We’ll load vitamin_trial.csv and take a quick look at structure and the first few rows.

df = pd.read_csv('data/vitamin_trial.csv')
print('Shape:', df.shape)
display(df.head())
display(df.describe(include='all'))

📦 Distribution Plots

We start with a single numeric variable, e.g. Vitamin_D.

Why distributions?

They reveal skewness, heavy tails, and outliers.
They inform transformations (e.g., log for right-skew).
They guide the choice of statistical model.

x = df['Vitamin_D'].dropna()

fig, axes = plt.subplots(1, 3, figsize=(15, 4))

# 1) Histogram
axes[0].hist(x, bins=20, edgecolor='black')
axes[0].set_title('Histogram: Vitamin_D')
axes[0].set_xlabel('Vitamin_D (µg)')

# 2) KDE / density
sns.kdeplot(x=x, ax=axes[1])
axes[1].set_title('KDE / Density: Vitamin_D')
axes[1].set_xlabel('Vitamin_D (µg)')

# 3) ECDF (empirical CDF - cummulative distribution function)
xs = np.sort(x.values)
ys = np.arange(1, len(xs)+1) / len(xs)
axes[2].plot(xs, ys, marker='.', linestyle='none')
axes[2].set_title('ECDF: Vitamin_D')
axes[2].set_xlabel('Vitamin_D (µg)')
axes[2].set_ylabel('Proportion ≤ x')

plt.tight_layout(); plt.show()

🧪 Compare Groups (Box/Violin)

Box and violin plots summarise spread and potential outliers; violin also shows the density shape. Let’s compare by Group (e.g. Control vs Treatment).

fig, axes = plt.subplots(1, 2, figsize=(12, 4))
sns.boxplot(data=df, x='Group', y='Vitamin_D', ax=axes[0])
axes[0].set_title('Boxplot by Group')
axes[0].set_ylabel('Vitamin_D (µg)')

sns.violinplot(data=df, x='Group', y='Vitamin_D', inner='quartile', ax=axes[1])
axes[1].set_title('Violin by Group (with quartiles)')
axes[1].set_ylabel('Vitamin_D (µg)')

plt.tight_layout(); plt.show()

🌀 Normality Checks

Some methods (e.g., classic t-tests, OLS regression) assume approximate normality of residuals/variables. Always look at the data first: - Q–Q plots: compare quantiles of your data to a normal distribution. - Shapiro–Wilk test: formal test (sensitive with large n).

Learn more (click)

y = df['Vitamin_D'].dropna()

# Q–Q plot (raw)
plt.figure(figsize=(5,5))
sm.qqplot(y, line='s')
plt.title('Q–Q Plot (raw Vitamin_D)')
plt.show()

# Shapiro–Wilk
stat, p = shapiro(y)
print(f'Shapiro–Wilk (raw): statistic={stat:.3f}, p={p:.3g}')
print('Interpretation: p<0.05 → reject normality; p≥0.05 → normality plausible.')

Log Transform (and Q–Q side-by-side)

Right-skewed data often benefits from a log transform. If zeros are possible, add a small constant ε or shift the data.

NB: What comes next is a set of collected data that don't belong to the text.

(* Consider noisy group testing under reverse $Z$-channel noise with parameter $\rho\in(0,1)$, $k=\Theta(p^\theta)$ defectives with $\theta\in(0,1)$, and i.i.d. Bernoulli testing with parameter $\nu>0$. Let the COMP decoder output $\hat S$ equal to the set of items that appear in no negative test. Then $P_e\to0$ as $p\to\infty$ whenever $n\ge n_{\rm COMP}(1+\eta)$ for an arbitrarily small fixed $\eta>0$, where $$n_{\rm COMP}=\frac{1}{(1-\rho)\nu e^{-\nu}}\,k\log p.$$
   Context: Setup: $p$ items, unknown defective set $S$ uniform among size-$k$ subsets of $\{1,\dots,p\}$, $p\to\infty$. Test matrix $\mathbf X\in\{0,1\}^{n\times p}$ with i.i.d. Bernoulli$(\nu/k)$ entries ($X_{ij}=1$ iff item $j$ is in test $i$). Noiseless outcome $U_i=\bigvee_{j\in S}X_{ij}$; observed outcome $Y_i$ obtained by passing $U_i$ independently through the reverse $Z$-channel: $P(Y=1|U=0)=\rho$, $P(Y=0|U=0)=1-\rho$, $P(Y=1|U=1)=1$. A test is negative if $Y_i=0$. $P_e=\mathbb P[\hat S\ne S]$. Natural logarithms. *)

From HB Require Import structures.
From mathcomp Require Import all_boot all_order all_algebra.
From mathcomp Require Import all_classical all_reals all_analysis.
Set Implicit Arguments. Unset Strict Implicit. Unset Printing Implicit Defensive.
Import Order.TTheory GRing.Theory Num.Theory.
Local Open Scope ring_scope.

Section GT.
Variable R : realType.

(* Test matrix: X (i, j) = true iff item j is in test i. *)
Definition tmat (n p : nat) := {ffun 'I_n * 'I_p -> bool}.

Definition noiseless (n p : nat) (S : {set 'I_p}) (X : tmat n p) (i : 'I_n) : bool :=
  [exists j in S, X (i, j)].

Definition comp_decoder (n p : nat) (X : tmat n p) (Y : {ffun 'I_n -> bool})
  : {set 'I_p} :=
  [set j | [forall i : 'I_n, X (i, j) ==> Y i]].

Definition design_prob (n p : nat) (q : R) (X : tmat n p) : R :=
  \prod_(ij : 'I_n * 'I_p) (if X ij then q else 1 - q).

Definition rz_channel (rho : R) (u y : bool) : R :=
  if u then (if y then 1 else 0) else (if y then rho else 1 - rho).

Definition channel_prob (n p : nat) (rho : R) (S : {set 'I_p}) (X : tmat n p)
  (Y : {ffun 'I_n -> bool}) : R :=
  \prod_(i : 'I_n) rz_channel rho (noiseless S X i) (Y i).
Lemma Dnum_bounds_sq nu s : 0 < nu < 1 ->
  (1 - nu) / 2 * (exp s - 1) ^ 2 / Rmax (exp s) 1 <= Dnum nu s <=
  (1 - nu) / 2 * (exp s - 1) ^ 2 / Rmin (exp s) 1.
Proof.
  intros Hnu.
  assert (Hd := fun x => is_derive_Dnum nu x ltac:(lra)).
  assert (Hc : forall x, is_derive (fun x => (1 - nu) / 2 * (exp x - 2 + exp (- x))) x
                                   ((1 - nu) / 2 * (exp x - exp (- x))))
    by (intro x; auto_derive; [exact I | field]).
  assert (Hq : forall x, is_derive (fun x => (1 - nu) / 2 * (exp x - 1) ^ 2) x
                                   ((1 - nu) * (exp x - 1) * exp x))
    by (intro x; auto_derive; [exact I | field]).
  destruct (le_of_derive_le _ _ _ _ Hc Hd) with (x := s) as [low_pos low_neg].
  { intro x. assert (H := Dnum_derive_lower nu x ltac:(lra)).
    assert (1 + x <= exp x) by apply exp_ineq1_le.
    assert (1 + - x <= exp (- x)) by apply exp_ineq1_le.
    assert (0 <= (1 - nu) * (exp x + exp (- x) - 2)) by (apply Rmult_le_pos; lra).
    lra. }
  { rewrite Dnum_0, Ropp_0, exp_0. ring. }
  destruct (le_of_derive_le _ _ _ _ Hd Hq) with (x := s) as [up_pos up_neg].
  { intro x. assert (H := Dnum_derive_upper nu x).
    assert (1 + x <= exp x) by apply exp_ineq1_le.
    assert (0 <= (1 - nu) * exp x * (exp x - 1 - x))
      by (apply Rmult_le_pos; [apply Rmult_le_pos; [lra | left; apply exp_pos] | lra]).
    lra. }
  { rewrite Dnum_0, exp_0. ring. }
  assert (Hpos : 0 < exp s) by apply exp_pos.
  assert (E : (1 - nu) / 2 * (exp s - 1) ^ 2 / exp s = (1 - nu) / 2 * (exp s - 2 + exp (- s)))
    by (rewrite exp_Ropp; field; lra).
  destruct (Rle_lt_dec 0 s) as [Hs | Hs].
  - assert (1 <= exp s) by (assert (1 + s <= exp s) by apply exp_ineq1_le; lra).
    rewrite Rmin_right, Rmax_left, E, Rdiv_1_r by lra.
    specialize (low_pos Hs). specialize (up_pos Hs). lra.
  - assert (exp s < 1) by (rewrite <- exp_0; apply exp_increasing; exact Hs).
    rewrite Rmin_left, Rmax_right, E, Rdiv_1_r by lra.
    specialize (low_neg ltac:(lra)). specialize (up_neg ltac:(lra)). lra.
Qed.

Here we’ll add a small ε safely.

eps = 1e-6
y_log = np.log(y + eps)

fig, axes = plt.subplots(1, 2, figsize=(10, 5))
sm.qqplot(y, line='s', ax=axes[0])
axes[0].set_title('Q–Q: raw Vitamin_D')
sm.qqplot(y_log, line='s', ax=axes[1])
axes[1].set_title('Q–Q: log(Vitamin_D)')
plt.tight_layout(); plt.show()

stat_l, p_l = shapiro(y_log)
print(f'Shapiro–Wilk (log): statistic={stat_l:.3f}, p={p_l:.3g}')

🔗 (Teaser) A Single Scatter with Regression

Full multivariate exploration (pair plots, heatmaps) is in 4.2 EDA. Here we just preview a scatter with a regression line. If Time is numeric, compare raw vs log(Vitamin_D).

if 'Time' in df.columns and np.issubdtype(df['Time'].dtype, np.number):
    fig, axes = plt.subplots(1, 2, figsize=(12, 4))
    sns.regplot(data=df, x='Time', y='Vitamin_D', ax=axes[0])
    axes[0].set_title('Scatter (raw) with regression')
    axes[0].set_ylabel('Vitamin_D (µg)')

    sns.regplot(data=df.assign(Vitamin_D_log=np.log(df['Vitamin_D'] + 1e-6)),
                x='Time', y='Vitamin_D_log', ax=axes[1])
    axes[1].set_title('Scatter (log Vitamin_D) with regression')
    axes[1].set_ylabel('log Vitamin_D')
    plt.tight_layout(); plt.show()
else:
    print('No numeric Time variable found for scatter comparison. See 4.2 for broader EDA.')

🧪 Exercises

Plot histograms (or KDEs) of Vitamin_D by Group (use hue='Group'). Describe differences.
Produce Q–Q plots (raw vs log) for Vitamin_D. Which is closer to normal?
Use box/violin plots to compare Group distributions and comment on outliers.

👉 Next: 4.2 EDA — full workflow (profile, missingness, grouped summaries, pair plots, heatmaps, outliers).

✅ Conclusion

You characterised distributions, compared groups, inspected normality, and saw how log transforms clarify structure. Multivariate relationships and correlation overviews live in 4.2.